Periodic Reporting for period 2 - ANTICS (Advancing Novel imaging Technologies and data analyses in order to understand Interior ocean Carbon Storage)
Okres sprawozdawczy: 2023-04-01 do 2024-09-30
ANTICS will directly address this knowledge gap by using an innovative synthesis of cutting-edge in situ imaging, machine learning and novel data analyses to mechanistically understand ocean carbon storage. Using state-of-the-art imaging technologies, I will collect data on the size, distribution and composition of organic matter particles and measure their sinking velocity in the upper 600 m across the Atlantic. I will design a neural network model that allows the conversion of in situ images into carbon fluxes, and develop analysis routines of particle size spectra that quantify the processes causing flux attenuation: remineralisation, physical aggregation/disaggregation, fragmentation/repackaging by zooplankton. By statistically linking these outputs to seasonality, depth, primary production and temperature, I will be able to determine which processes dominate under specific environmental conditions. This step change in our understanding will allow ANTICS to resolve flux attenuation spatially and temporally. I will use this pioneering knowledge to validate and inform the parametrization of the marine biogeochemical component of the UK’s Earth system model used for carbon cycle forecasting in the next IPCC assessments.
To complement these innovations, we established new data workflows that significantly enhance image processing and analysis. Our machine-learning-based approach for processing holographic particle images has improved the speed and accuracy of the analysis of holographic particle images. Furthermore, we developed an unsupervised image classification algorithm that identifies and categorizes various particle types without prior labeling, streamlining the data analysis process. We also created methods for compiling continuous size spectra from different in situ camera systems, allowing for comprehensive and coherent analyses of particle size distributions.

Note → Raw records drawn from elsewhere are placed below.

Theorem mainTheorem16 (R : realFieldType) (n : nat) (G : 'M[R]_n)
  (Gsym : G^T = G) (Gnondeg : G \in unitmx) :
  (* idempotent *)
  (forall T : PC R n, QJ G (QJ G T) = QJ G T) /\
  (forall T : PC R n, QR G (QR G T) = QR G T) /\
  (* self-adjoint *)
  (forall T S : PC R n, pc_inner G (QJ G T) S = pc_inner G T (QJ G S)) /\
  (forall T S : PC R n, pc_inner G (QR G T) S = pc_inner G T (QR G S)) /\
  (* ranges *)
  (forall T : PC R n, (exists S : PC R n, T = QJ G S) <-> JC G T) /\
  (forall T : PC R n, (exists S : PC R n, T = QR G S) <-> RC G T) /\
  (* Q_J Q_R = 0 *)
  (forall T : PC R n, QJ G (QR G T) = @pc_zero R n) /\
  (* hence JC and RC are orthogonal *)
  (forall T S : PC R n, JC G T -> RC G S -> pc_inner G T S = 0).
Proof.
have [QJ_idem QJ_adj QJ_range] :=
  lowered_projector Gsym Gnondeg (or_introl erefl) (lower_QJ Gnondeg).
have [QR_idem QR_adj QR_range] :=
  lowered_projector Gsym Gnondeg (or_intror erefl) (lower_QR Gnondeg).
have JC_range T : (exists S, T = QJ G S) <-> JC G T.
  exact: iff_trans (QJ_range T) (iff_sym (lower_JC Gnondeg T)).
have RC_range T : (exists S, T = QR G S) <-> RC G T.
  exact: iff_trans (QR_range T) (iff_sym (lower_RC Gnondeg T)).
have QJ_QR T : QJ G (QR G T) = @pc_zero R n.
  by apply: (QJ_RC Gnondeg); apply/RC_range; exists T.
have JC_RC_orthogonal T S : JC G T -> RC G S -> pc_inner G T S = 0.
  move=> /JC_range [T' ->] S_RC.
  by rewrite QJ_adj (QJ_RC Gnondeg S_RC) inner_lower // lower_zero ip4_zeror.
split; first exact: QJ_idem.
split; first exact: QR_idem.
split; first exact: QJ_adj.
split; first exact: QR_adj.
split; first exact: JC_range.
split; first exact: RC_range.
by split; first exact: QJ_QR.
Qed.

Our research has yielded novel scientific insights that challenge existing assumptions and contribute to a deeper understanding of ocean dynamics. We discovered that stronger turbulence results in flatter slopes of aggregate size distributions due to the rapid formation of large aggregates, with a shift in the size spectra slopes implying that strongly bonded small aggregates are formed with increasing turbulence.
Moreover, we found that diatoms in the Southern Ocean are not as significant for carbon transfer through the twilight zone as previously thought based on the ballast hypothesis. Our data show that diatom fluxes attenuate faster than organic carbon fluxes. By integrating ecological perspectives and high-resolution chemical measurements, we demonstrated that grazer repackaging and diatom buoyancy regulation decouple silica and carbon fluxes. This decoupling suggests that the presence of diatoms does not directly correlate with carbon sinking efficiency, addressing a key uncertainty in the modeling of ocean carbon storage.
We expect to further advance our understanding of ocean carbon storage through sinking particles by applying our new data analysis workflows on the data collected during the research cruises spanning the entire Atlantic Ocean.